Direct electronic energy transfer in the presence of static site-energy disorder–dipolar couplinga)

Abstract

The single-step energy transfer between randomly distributed donors and acceptors has been analyzed in the presence of static site-energy disorder. Exact expressions for the donor survival probability have been formulated with jump-frequencies that depend on both spatial and energy-coordinates. By using the factorization approximation and the continuum limit the procedure yields, for multipolar interaction, approximate, closed-form solutions of the Kohlrausch–Williams–Watts (KWW) functional form with a generalized energy-function λε ≳ 1, which influences the time-scale of the KWW-decay but does not affect the exponent α. For dipolar coupling and 3D transfer (α=1/2), both the energy-specific f(t;ε) and the energy-averaged donor relaxation 〈 f 〉 (t) have been Laplace inverted to yield the distributions of transition frequencies φ1/2(ν;ε) and Φ1/2(ν), respectively. The analysis of λε containing the energy-dependence of transition frequencies and the energetic spread of sites has been performed on the premises of a balance-equation for uphill processes and a Gaussian density-of-states function for the site-energy fluctuation.

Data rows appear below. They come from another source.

Lemma ex_RInt_line_integrand g a b u v : 0 <= u -> u <= v -> v <= 1 ->
  continuous_on_segment g a b ->
  ex_RInt (V := C_R_CompleteNormedModule) (line_integrand g a b) u v.
Proof.
  intros Hu Huv Hv Hg. apply ex_RInt_continuous. intros s Hs.
  rewrite Rmin_left, Rmax_right in Hs by lra.
  apply line_integrand_continuous, Hg. lra.
Qed.

Lemma line_integral_ext g1 g2 a b : (forall x, g1 x = g2 x) ->
  line_integral g1 a b = line_integral g2 a b.
Proof.
  intros H. apply (RInt_ext (V := C_R_CompleteNormedModule)). intros s _.
  unfold line_integrand. rewrite H. reflexivity.
Qed.

Lemma line_integral_reparam g a b a' b' (k q : R) :
  (forall y, a' + RtoC y * (b' - a') = a + RtoC (k * y + q) * (b - a))%C ->
  (b' - a' = RtoC k * (b - a))%C ->
  ex_RInt (V := C_R_CompleteNormedModule) (line_integrand g a b) q (k + q) ->
  line_integral g a' b' = RInt (V := C_R_CompleteNormedModule) (line_integrand g a b) q (k + q).
Proof.
  intros Hpt Hdir Hex. unfold line_integral.
  assert (E := RInt_comp_lin (V := C_R_CompleteNormedModule) (line_integrand g a b) k q 0 1).
  replace (k * 0 + q) with q in E by ring. replace (k * 1 + q) with (k + q) in E by ring.
  rewrite <- E by exact Hex.
  apply (RInt_ext (V := C_R_CompleteNormedModule)). intros y _.
  rewrite scal_C_R. unfold line_integrand. rewrite Hpt, Hdir. simpl. ring.
Qed.

Definition mid (x y : C) : C := ((x + y) / RtoC 2)%C.

Lemma line_integral_split g a b : continuous_on_segment g a b ->
  line_integral g a b = (line_integral g a (mid a b) + line_integral g (mid a b) b)%C.
Proof.
  intros Hg. unfold mid.
  assert (Hhalf : RtoC (1 / 2) = (/ RtoC 2)%C) by (rewrite <- RtoC_inv by lra; f_equal; lra).
  rewrite (line_integral_reparam g a b a ((a + b) / RtoC 2) (1 / 2) 0),
          (line_integral_reparam g a b ((a + b) / RtoC 2) b (1 / 2) (1 / 2)).
  - replace (1 / 2 + 0) with (1 / 2) by lra. replace (1 / 2 + 1 / 2) with 1 by lra.
    symmetry. apply (RInt_Chasles (V := C_R_CompleteNormedModule));
      apply ex_RInt_line_integrand; auto; lra.
  - intros y. rewrite RtoC_plus, RtoC_mult, Hhalf. field.
  - rewrite Hhalf. field.
  - apply ex_RInt_line_integrand; auto; lra.
  - intros y. rewrite RtoC_plus, RtoC_mult, Hhalf. field.
  - rewrite Hhalf. field.
  - apply ex_RInt_line_integrand; auto; lra.
Qed.

Lemma line_integral_swap g a b : continuous_on_segment g a b ->
  line_integral g b a = (- line_integral g a b)%C.
Proof.
  intros Hg.
  rewrite (line_integral_reparam g a b b a (-1) 1).
  - replace (-1 + 1) with 0 by ring.
    rewrite <- (opp_RInt_swap (V := C_R_CompleteNormedModule))
      by (apply ex_RInt_line_integrand; auto; lra).
    reflexivity.
  - intros y. rewrite RtoC_plus, RtoC_mult. ring.
  - ring.
  - replace (-1 + 1) with 0 by ring. apply ex_RInt_swap, ex_RInt_line_integrand; auto; lra.
Qed.

Lemma line_integral_norm_le g a b K : continuous_on_segment g a b ->
  (forall s, 0 <= s <= 1 -> Cmod (g (a + RtoC s * (b - a))%C) <= K) ->
  Cmod (line_integral g a b) <= Cmod (b - a)%C * K.
Proof.
  intros Hg HK. unfold line_integral. rewrite <- norm_C_R.
  replace (Cmod (b - a)%C * K) with ((1 - 0) * (Cmod (b - a)%C * K)) by ring.
  apply (norm_RInt_le_const (V := C_R_CompleteNormedModule) (line_integrand g a b) 0 1);
    [lra| |].
  - intros s Hs. rewrite norm_C_R. unfold line_integrand. rewrite Cmod_mult, Rmult_comm.
    apply Rmult_le_compat_l; [apply Cmod_ge_0 | apply HK; lra].
  - apply RInt_correct, ex_RInt_line_integrand; auto; lra.
Qed.
(* Under the standing assumptions below, define for each $j\in[d]$ and $c\in\mathbb{R}$ \[ \omega_j(c)=\begin{cases} 0, & c\le -\frac{n}{\sqrt{n+1}},\\[0.3em] \max\Big\{0,\ \hat\mu_j-\hat\sigma_j|c|\sqrt{\frac{(n+1)^2}{n^2-(n+1)c^2}}\Big\}, & -\frac{n}{\sqrt{n+1}}<c<0,\\[0.3em] \hat\mu_j+\hat\sigma_j|c|\sqrt{\frac{(n+1)^2}{n^2-(n+1)c^2}}, & 0\le c<\frac{n}{\sqrt{n+1}},\\[0.3em] +\infty, & c\ge \frac{n}{\sqrt{n+1}}. \end{cases} \] Then each $\omega_j:\mathbb{R}\to[0,\infty]$ is monotonically nondecreasing, and almost surely, for every $c\in\mathbb{R}$, \[ S^{n+1}_{\mathrm{oracle}}\le c\iff 0\le E^{n+1}_j\le \omega_j(c)\ \text{ for all } j\in[d]. \]
   Context: Setting: $n\ge 2$ and $d\ge 1$ are integers, $[m]:=\{1,\dots,m\}$. $E^1,\dots,E^{n+1}$ are random vectors in $\mathbb{R}^d$ (residual vectors; $E^i=(E^i_1,\dots,E^i_d)$), assumed exchangeable. Assumption A: for each $j\in[d]$, the distribution of $E^i_j$ has no point masses, $E^i_j\ge 0$ almost surely, $\mathbb{E}[E^i_j]<\infty$ and $0<\mathrm{Var}(E^i_j)<\infty$; moreover, for each $j$, the values $E^1_j,\dots,E^{n+1}_j$ are almost surely pairwise distinct. Calibration statistics: $\hat\mu_j=\frac1n\sum_{i=1}^n E^i_j$ and $\hat\sigma_j=\sqrt{\frac1n\sum_{i=1}^n(E^i_j-\hat\mu_j)^2}$. Oracle statistics: $\hat\mu^{\mathrm{oracle}}_j=\frac1{n+1}\sum_{i=1}^{n+1}E^i_j$ and $\hat\sigma^{\mathrm{oracle}}_j=\sqrt{\frac1n\sum_{i=1}^{n+1}(E^i_j-\hat\mu^{\mathrm{oracle}}_j)^2}$. For $t\in\mathbb{R}^d_+$ and $\mu,\sigma\in\mathbb{R}^d$ with $\sigma_j>0$, $\Phi(t;\mu,\sigma):=\max_{1\le j\le d}\frac{t_j-\mu_j}{\sigma_j}$. Oracle scores: $S^i_{\mathrm{oracle}}:=\Phi(E^i;\hat\mu^{\mathrm{oracle}},\hat\sigma^{\mathrm{oracle}})$ for $i\in[n+1]$. *)

From HB Require Import structures.
From mathcomp Require Import all_boot all_order all_algebra all_fingroup.
From mathcomp Require Import all_classical all_reals all_analysis.
Set Implicit Arguments. Unset Strict Implicit. Unset Printing Implicit Defensive.
Import Order.TTheory GRing.Theory Num.Theory.
Local Open Scope classical_set_scope.
Local Open Scope ring_scope.
(* Let $M$ be a finite matroid, $k\ge0$, let $e_1,\dots,e_k$ be distinct elements of $M$ and $C_0,C_1,\dots,C_k$ subsets of $M$ such that $|C_i|\ge3$ for $i=0,\dots,k$, $C_{i-1}\cap C_i=\{e_i\}$ for $i=1,\dots,k$, and $C_i\cap C_j=\emptyset$ whenever $|i-j|\ge2$. Let $e_0\in C_0\setminus\{e_1\}$ and, for $i=1,\dots,k$, let $e_i'\in C_{i-1}\setminus\{e_{i-1},e_i\}$. Define $M_0=M$ and $M_i=M_{i-1}/(C_{i-1}\setminus\{e_i,e_i'\})$ for $i=1,\dots,k$. If $C_i$ is a circuit in $M_i$ for every $i=0,1,\dots,k$, then $M$ contains a circuit of length at least $k+3$ that contains $e_0$.
   Context: For a finite matroid $M$ with rank function $r_M$ and $F\subseteq M$, the contraction $M/F$ has ground set $M\setminus F$, and $F'\subseteq M\setminus F$ is independent in $M/F$ iff $F'$ is independent in $M$ and $r_M(F\cup F')=r_M(F)+r_M(F')$. A circuit is a minimal dependent set; its length is its number of elements. *)

From mathcomp Require Import all_boot.
Set Implicit Arguments. Unset Strict Implicit. Unset Printing Implicit Defensive.

Record mat (T : finType) := Mat { mground : {set T}; mindep : {set T} -> bool }.

Section Matroid.
Variable T : finType.

Definition is_matroid (M : mat T) : Prop :=
  [/\ mindep M set0,
      (forall A : {set T}, mindep M A -> A \subset mground M),
      (forall A B : {set T}, mindep M B -> A \subset B -> mindep M A)
    & (forall A B : {set T}, mindep M A -> mindep M B -> #|A| < #|B| ->
         exists2 x, x \in B :\: A & mindep M (x |: A))].

Definition mrank (M : mat T) (X : {set T}) : nat :=
  \max_(Y in powerset X | mindep M Y) #|Y|.

Definition contract (M : mat T) (F : {set T}) : mat T :=
  Mat (mground M :\: F)
      (fun F' => [&& F' \subset mground M :\: F, mindep M F' &
                   mrank M (F :|: F') == mrank M F + mrank M F']).

Definition circuit (M : mat T) (C : {set T}) : Prop :=
  [/\ C \subset mground M, ~~ mindep M C &
      forall D : {set T}, D \proper C -> mindep M D].

Fixpoint Mseq (M : mat T) (C : nat -> {set T}) (e e' : nat -> T) (i : nat)
  : mat T :=
  match i with
  | 0 => M
  | j.+1 => contract (Mseq M C e e' j) (C j :\: [set e j.+1; e' j.+1])
  end.

End Matroid.

From mathcomp Require Import all_boot.
Set Implicit Arguments. Unset Strict Implicit. Unset Printing Implicit Defensive.

(* Contracting F := C_0 \ {e_1, e'_1} turns the chain into a
   chain of length k - 1 in M/F, which by induction has a circuit D through e_1
   with |D| >= k + 2.  Such a circuit lifts to a longer circuit of M through
   e_0: with Z := D \ e_1, the set F u Z is independent, and the circuit C_0
   makes e_1 and e'_1 interchangeable over any set containing F.  Hence
   x u F u Z is dependent for x in {e_1, e'_1}, and for a suitable x it becomes
   independent after deleting x, e_0 or any element of Z, so its circuit
   contains all of them. *)

Section MatroidFacts.
Variable T : finType.
Implicit Types (M : mat T) (A B C D F S X : {set T}).

Lemma indepS M A B : is_matroid M -> mindep M B -> A \subset B -> mindep M A.
Proof. by case=> _ _ + _; apply. Qed.

Lemma mrank_le_card M X : mrank M X <= #|X|.
Proof. by apply/bigmax_leqP => Y /andP[]; rewrite inE => /subset_leq_card. Qed.

Lemma mrank_indep M X : mindep M X -> mrank M X = #|X|.
Proof.
move=> indX; apply/eqP; rewrite eqn_leq mrank_le_card.
by apply: leq_bigmax_cond; rewrite powersetE subxx.
Qed.

Lemma mrank_card_indep M X : is_matroid M -> mrank M X = #|X| -> mindep M X.
Proof.
move=> matM; rewrite /mrank.
have [|Y /andP[]] := eq_bigmax_cond (fun Y : {set T} => #|Y|)
  (A := [pred Y | (Y \in powerset X) && mindep M Y]).
  by apply/card_gt0P; exists set0; rewrite inE /= powersetE sub0set; case: matM.
rewrite powersetE => YX indY -> cardY.
by have /eqP <- : Y == X by rewrite eqEcard YX cardY /=.
Qed.

Lemma contract_indepE M F X : is_matroid M -> mindep M F ->
  mindep (contract M F) X = (X \subset mground M :\: F) && mindep M (F :|: X).
Proof.
move=> matM indF; rewrite /contract /=; case XEF: (X \subset _) => //=.
have disjFX : [disjoint F & X].
  by move: XEF; rewrite subsetD disjoint_sym => /andP[].
apply/andP/idP => [[indX /eqP rFX] | indFX].
  apply: mrank_card_indep => //; apply/eqP; rewrite eqn_leq mrank_le_card.
  by rewrite rFX !mrank_indep // cardsU leq_subr.
have indX := indepS matM indFX (subsetUr F X).
by rewrite indX !mrank_indep // cardsU (disjoint_setI0 disjFX) cards0 subn0.
Qed.

Lemma contract_matroid M F : is_matroid M -> mindep M F -> is_matroid (contract M F).
Proof.
move=> matM indF; have [_ _ _ augM] := matM.
have indE := contract_indepE _ matM indF.
split=> [|A|A B|A B]; rewrite ?indE.
- by rewrite sub0set setU0.
- by case/andP.
- by case/andP=> BEF indFB AB; rewrite (subset_trans AB BEF) (indepS matM indFB) ?setUS.
case/andP=> AEF indFA /andP[BEF indFB] ltAB.
have cardFU (Y : {set T}) : Y \subset mground M :\: F -> #|F :|: Y| = #|F| + #|Y|.
  by rewrite subsetD => /andP[_ /disjoint_setI0]; rewrite cardsU setIC => ->; rewrite cards0 subn0.
have [|x] := augM _ _ indFA indFB; first by rewrite !cardFU // ltn_add2l.
rewrite inE !in_setU negb_or => /andP[/andP[xF xA] /orP[/(negP xF)//|xB]] indxFA.
exists x; first by rewrite inE xA xB.
by rewrite indE setUCA indxFA subUset sub1set (subsetP BEF) ?AEF.
Qed.

Lemma indep_extend M A B : is_matroid M -> mindep M A -> mindep M B ->
  exists2 A', mindep M A' & [/\ A \subset A', A' \subset A :|: B & #|B| <= #|A'|].
Proof.
move=> matM; have [_ _ _ augM] := matM.
move: {2}(#|B| - #|A|) (leqnn (#|B| - #|A|)) => n.
elim: n A => [|n IHn] A gapA indA indB.
  by exists A; rewrite // subsetUl -subn_eq0 -leqn0.
have [leBA|ltAB] := leqP #|B| #|A|; first by exists A; rewrite // subsetUl.
have [x /setDP[xB xA] indxA] := augM _ _ indA indB ltAB.
have [|A' indA' [xAA' A'sub leBA']] := IHn (x |: A) _ indxA indB.
  by rewrite cardsU1 xA add1n subnS -ltnS prednK ?subn_gt0.
exists A' => //; split=> //; first exact: subset_trans (subsetUr _ _) xAA'.
by apply: subset_trans A'sub _; rewrite subUset subUset sub1set !inE xB orbT subsetUl subsetUr.
Qed.

Lemma dep_circuit M S : S \subset mground M -> ~~ mindep M S ->
  exists2 D, circuit M D & D \subset S.
Proof.
move=> SE depS.
have [D /minsetP[depD minD] DS] := minset_exists (P := [pred X | ~~ mindep M X]) depS.
exists D => //; split=> [|//|X ltXD]; first exact: subset_trans DS SE.
have XD := proper_sub ltXD; apply: contraTT ltXD => depX.
by rewrite (minD X depX XD) properxx.
Qed.

Lemma circuit_memD1 M D S y : is_matroid M -> circuit M D -> D \subset S ->
  mindep M (S :\ y) -> y \in D.
Proof.
move=> matM [_ depD _] DS; apply: contraLR => yD; apply: contraNN depD => indSy.
by apply: indepS matM indSy _; rewrite subsetD1 DS.
Qed.

Lemma circuit_indep_swap M C X a b : is_matroid M -> circuit M C ->
  a \in C -> a \notin X -> C :\ a \subset b |: X ->
  mindep M (a |: X) -> mindep M (b |: X).
Proof.
move=> matM [_ depC minC] aC aX CaX indaX.
have [A' indA' [CaA' A'sub leA']] := indep_extend matM (minC _ (properD1 aC)) indaX.
have aA' : a \notin A'.
  apply: contraNN depC => aA'; apply: indepS matM indA' _.
  by rewrite -(setD1K aC) subUset sub1set aA'.
have A'bX : A' \subset b |: X.
  apply/subsetP => x xA'; have /setUP[/(subsetP CaX)//|] := subsetP A'sub x xA'.
  by rewrite !in_setU1 => /orP[/eqP xa|->]; [rewrite -xa xA' in aA' | rewrite orbT].
suff /eqP <- : A' == b |: X by [].
rewrite eqEcard A'bX (leq_trans _ leA') // !cardsU1 aX leq_add2r.
by case: (b \notin X).
Qed.

Lemma circuit_contract M F D : is_matroid M -> mindep M F ->
  circuit (contract M F) D ->
  [/\ D \subset mground M :\: F, ~~ mindep M (F :|: D) &
      forall X, X \proper D -> mindep M (F :|: X)].
Proof.
move=> matM indF [DEF depD minD]; have indE := contract_indepE _ matM indF.
rewrite indE DEF in depD; split=> // X ltXD.
by have := minD X ltXD; rewrite indE => /andP[].
Qed.

End MatroidFacts.

Section CircuitLift.
Variables (T : finType) (M : mat T) (C D : {set T}) (a b e0 : T).
Hypotheses (matM : is_matroid M) (circC : circuit M C).
Hypotheses (aC : a \in C) (bC : b \in C) (e0C : e0 \in C).
Hypotheses (ab : a != b) (e0a : e0 != a) (e0b : e0 != b).
Implicit Types (X : {set T}) (x y : T).
Let F := C :\: [set a; b].
Hypotheses (circD : circuit (contract M F) D) (aD : a \in D) (D3 : 3 <= #|D|).

Let FC : F \subset C. Proof. exact: subsetDl. Qed.
Let e0F : e0 \in F. Proof. by rewrite !inE negb_or e0a e0b. Qed.

Let indF : mindep M F.
Proof.
have [_ _ minC] := circC; apply: minC; rewrite properE FC.
by apply/subsetPn; exists a; rewrite ?inE ?eqxx.
Qed.

Let DEF : D \subset mground M :\: F.
Proof. by case: (circuit_contract matM indF circD). Qed.
Let depFD : ~~ mindep M (F :|: D).
Proof. by case: (circuit_contract matM indF circD). Qed.
Let indFX (X : {set T}) : X \proper D -> mindep M (F :|: X).
Proof. by case: (circuit_contract matM indF circD) => _ _; apply. Qed.

Lemma notin_contract_circuit : b \notin D.
Proof.
have [_ depC _] := circC; apply: contraNN depC => bD.
apply: indepS matM (indFX (_ : [set a; b] \proper D)) _.
  by rewrite properEcard subUset !sub1set aD bD cards2 ab.
by apply/subsetP => y yC; rewrite !inE yC; case: (y == a); case: (y == b).
Qed.

Let Z := D :\ a.
Let ZEF : Z \subset mground M :\: F.
Proof. exact: subset_trans (subsetDl _ _) DEF. Qed.
Let notin_FZ x : x \in [set a; b] -> x \notin F :|: Z.
Proof.
rewrite !inE => /orP[]/eqP->; rewrite ?eqxx ?(negbTE notin_contract_circuit) ?orbT //=.
by rewrite eq_sym (negbTE ab).
Qed.

Let indep_swap x X : x \in [set a; b] -> F \subset X -> X \subset F :|: Z ->
  mindep M (x |: X) = mindep M (a |: X).
Proof.
move=> xab FX XFZ; have notinX y : y \in [set a; b] -> y \notin X.
  by move=> yab; apply: contraNN (notin_FZ yab); apply: (subsetP XFZ).
have CX y : y \in C -> y != a -> y != b -> y \in X.
  by move=> yC ya yb; apply: (subsetP FX); rewrite !inE negb_or ya yb.
move: xab; rewrite !inE => /orP[]/eqP-> //.
apply/idP/idP; apply: (circuit_indep_swap matM circC);
  rewrite ?notinX ?inE ?eqxx ?orbT //; apply/subsetP => y /setD1P[yx yC];
  rewrite in_setU1; case: eqVneq => //= yz; exact: CX.
Qed.

Let dep_FZ x : x \in [set a; b] -> ~~ mindep M (x |: (F :|: Z)).
Proof. by move=> xab; rewrite indep_swap ?subsetUl // setUCA setD1K. Qed.

Let indep_FZ : mindep M (F :|: Z).
Proof. exact: indFX (properD1 aD). Qed.

Let indep_FZD1 x z : x \in [set a; b] -> z \in Z -> mindep M (x |: (F :|: (Z :\ z))).
Proof.
move=> xab /setD1P[za zD].
rewrite indep_swap ?subsetUl ?setUS ?subsetDl //.
apply: indepS matM (indFX (properD1 zD)) _.
by rewrite setUCA setUS // subUset sub1set !inE aD eq_sym za setSD ?subsetDl.
Qed.

(* e0 is spanned by C :\ e0, so the rank lost by deleting e0 from F :|: Z is
   recovered inside C, necessarily by an element of C :\: F = [set a; b]. *)
Let exists_indep_swap : exists2 x, x \in [set a; b] & mindep M (x |: ((F :|: Z) :\ e0)).
Proof.
have [_ depC minC] := circC; have [_ _ _ augM] := matM.
have [A' indA' [CA' A'sub leA']] := indep_extend matM (minC _ (properD1 e0C)) indep_FZ.
have e0A' : e0 \notin A'.
  apply: contraNN depC => e0A'; apply: indepS matM indA' _.
  by rewrite -(setD1K e0C) subUset sub1set e0A'.
have indFZe0 : mindep M ((F :|: Z) :\ e0) by apply: indepS matM indep_FZ (subsetDl _ _).
have [|x /setDP[xA' xFZe0] indx] := augM _ _ indFZe0 indA'.
  by apply: leq_trans leA'; rewrite (cardsD1 e0 (F :|: Z)) inE e0F.
exists x => //; have xe0 : x != e0 by apply: contraNneq e0A' => <-.
have xFZ : x \notin F :|: Z by move: xFZe0; rewrite in_setD1 xe0.
have /setUP[/setD1P[_ xC]|] := subsetP A'sub x xA'; last by rewrite (negbTE xFZ).
by apply: contraR xFZ => xab; rewrite in_setU in_setD xab xC.
Qed.

Lemma circuit_lift : exists D', [/\ circuit M D', #|D| < #|D'| & e0 \in D'].
Proof.
have [x xab indx] := exists_indep_swap.
have [CE _ _] := circC.
have xC : x \in C by move: xab; rewrite !inE => /orP[]/eqP->.
set S := x |: (F :|: Z).
have SE : S \subset mground M.
  rewrite !subUset sub1set (subsetP CE) // (subset_trans FC CE).
  by apply: subset_trans ZEF (subsetDl _ _).
have [D' circD' D'S] := dep_circuit SE (dep_FZ xab).
have memD' y : mindep M (S :\ y) -> y \in D' := circuit_memD1 matM circD' D'S.
have xD' : x \in D'.
  by apply: memD'; apply: indepS matM indep_FZ _; rewrite /S setU1K ?notin_FZ ?subsetDl.
have e0D' : e0 \in D'.
  apply: memD'; apply: indepS matM indx _.
  by rewrite /S setDUl setSU ?subsetDl.
have ZD' : Z \subset D'.
  apply/subsetP => z zZ; apply: memD'; apply: indepS matM (indep_FZD1 xab zZ) _.
  by rewrite /S !setDUl setUSS ?setSU ?subsetDl.
have e0Z : e0 \notin Z by apply/negP => /(subsetP ZEF) /setDP[_ /negP].
have xe0Z : x \notin e0 |: Z.
  by apply: contraNN (notin_FZ xab); rewrite in_setU1 in_setU => /orP[/eqP->|->]; rewrite ?e0F ?orbT.
exists D'; split => //; apply: leq_trans (subset_leq_card (_ : x |: (e0 |: Z) \subset D')).
  by rewrite (cardsD1 a D) aD !cardsU1 xe0Z e0Z.
by rewrite !subUset !sub1set xD' e0D' ZD'.
Qed.

End CircuitLift.

Lemma Mseq_contract (T : finType) (M : mat T) C e e' i :
  Mseq M C e e' i.+1 = Mseq (contract M (C 0 :\: [set e 1; e' 1]))
     (fun j => C j.+1) (fun j => e j.+1) (fun j => e' j.+1) i.
Proof. by elim: i => //= i ->. Qed.

Lemma circuit_chain_long (T : finType) k (M : mat T) (e e' : nat -> T) (C : nat -> {set T}) :
  is_matroid M ->
  (forall i, i < k -> e i != e i.+1) ->
  e 0 \in C 0 ->
  (forall i, i < k -> (e i.+1 \in C i) && (e i.+1 \in C i.+1)) ->
  (forall i, i <= k -> 3 <= #|C i|) ->
  (forall i, i < k -> e' i.+1 \in C i :\: [set e i; e i.+1]) ->
  (forall i, i <= k -> circuit (Mseq M C e e' i) (C i)) ->
  exists D, [/\ circuit M D, k + 3 <= #|D| & e 0 \in D].
Proof.
elim: k M e e' C => [|k IHk] M e e' C matM ee1 e0C eC C3 e'C circC.
  by exists (C 0); split; [apply: circC | apply: C3 |].
have /andP[e1C0 e1C1] := eC 0 isT.
have := e'C 0 isT; rewrite !inE negb_or => /andP[/andP[e0e' e1e'] e'C0].
rewrite eq_sym in e0e'; rewrite eq_sym in e1e'.
set F := C 0 :\: [set e 1; e' 1].
have indF : mindep M F.
  have [_ _ minC] := circC 0 isT; apply: minC; rewrite properE subsetDl.
  by apply/subsetPn; exists (e 1); rewrite ?inE ?eqxx.
have circF i : i <= k -> circuit (Mseq (contract M F) (fun j => C j.+1)
    (fun j => e j.+1) (fun j => e' j.+1) i) (C i.+1).
  by move=> ki; rewrite -Mseq_contract; apply: circC.
have [D' [circD' leD' e1D']] := IHk (contract M F) (fun j => e j.+1) (fun j => e' j.+1)
  (fun j => C j.+1) (contract_matroid matM indF) (fun i => ee1 i.+1) e1C1
  (fun i => eC i.+1) (fun i => C3 i.+1) (fun i => e'C i.+1) circF.
have [D [circD ltD e0D]] := circuit_lift matM (circC 0 isT) e1C0 e'C0 e0C
  e1e' (ee1 0 isT) e0e' circD' e1D' (leq_trans (leq_addl _ _) leD').
by exists D; split => //; rewrite addSn (leq_ltn_trans leD').
Qed.

Theorem lemma3p12 (T : finType) (M : mat T) (k : nat)
  (e e' : nat -> T) (C : nat -> {set T}) :
  is_matroid M ->
  (forall i, 1 <= i <= k -> e i \in mground M) ->
  (forall i j, 1 <= i <= k -> 1 <= j <= k -> e i = e j -> i = j) ->
  (forall i, i <= k -> C i \subset mground M) ->
  (forall i, i <= k -> 3 <= #|C i|) ->
  (forall i, 1 <= i <= k -> C i.-1 :&: C i = [set e i]) ->
  (forall i j, i <= k -> j <= k -> i + 2 <= j -> C i :&: C j = set0) ->
  e 0 \in C 0 :\ e 1 ->
  (forall i, 1 <= i <= k -> e' i \in C i.-1 :\: [set e i.-1; e i]) ->
  (forall i, i <= k -> circuit (Mseq M C e e' i) (C i)) ->
  exists D : {set T}, [/\ circuit M D, k + 3 <= #|D| & e 0 \in D].
Proof.
move=> matM _ e_inj _ C3 CC _ /setD1P[e0e1 e0C] e'C circC.
apply: circuit_chain_long matM _ e0C _ C3 (fun i ki => e'C i.+1 ki) circC.
- case=> [//|i] ki; apply/eqP => /(e_inj i.+1 i.+2 (ltnW ki) ki)/eqP.
  by rewrite eqSS ltn_eqF.
- by move=> i ki; rewrite -in_setI (CC i.+1) ?set11.
Qed.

This allows the time and frequency-domain analogs of donor relaxation to be discussed as a function of the initial energy of excitation ε, the energetic width of fluctuating sites σ, and the energy gap δε̄ between the mean values of donor and acceptor distribution. The functional dependences of energy-specific responses, i.e., the characteristic deceleration of the KWW-profiles and the log frequency-shift of the corresponding frequency spectra as well as the pronounced deviation that may occur for broad-band excitation have been investigated in detail. Finally, the circumstances under which such relaxations are leading to the ordinary KWW-law (λε = 1) have been discussed by considering the exact limiting procedures.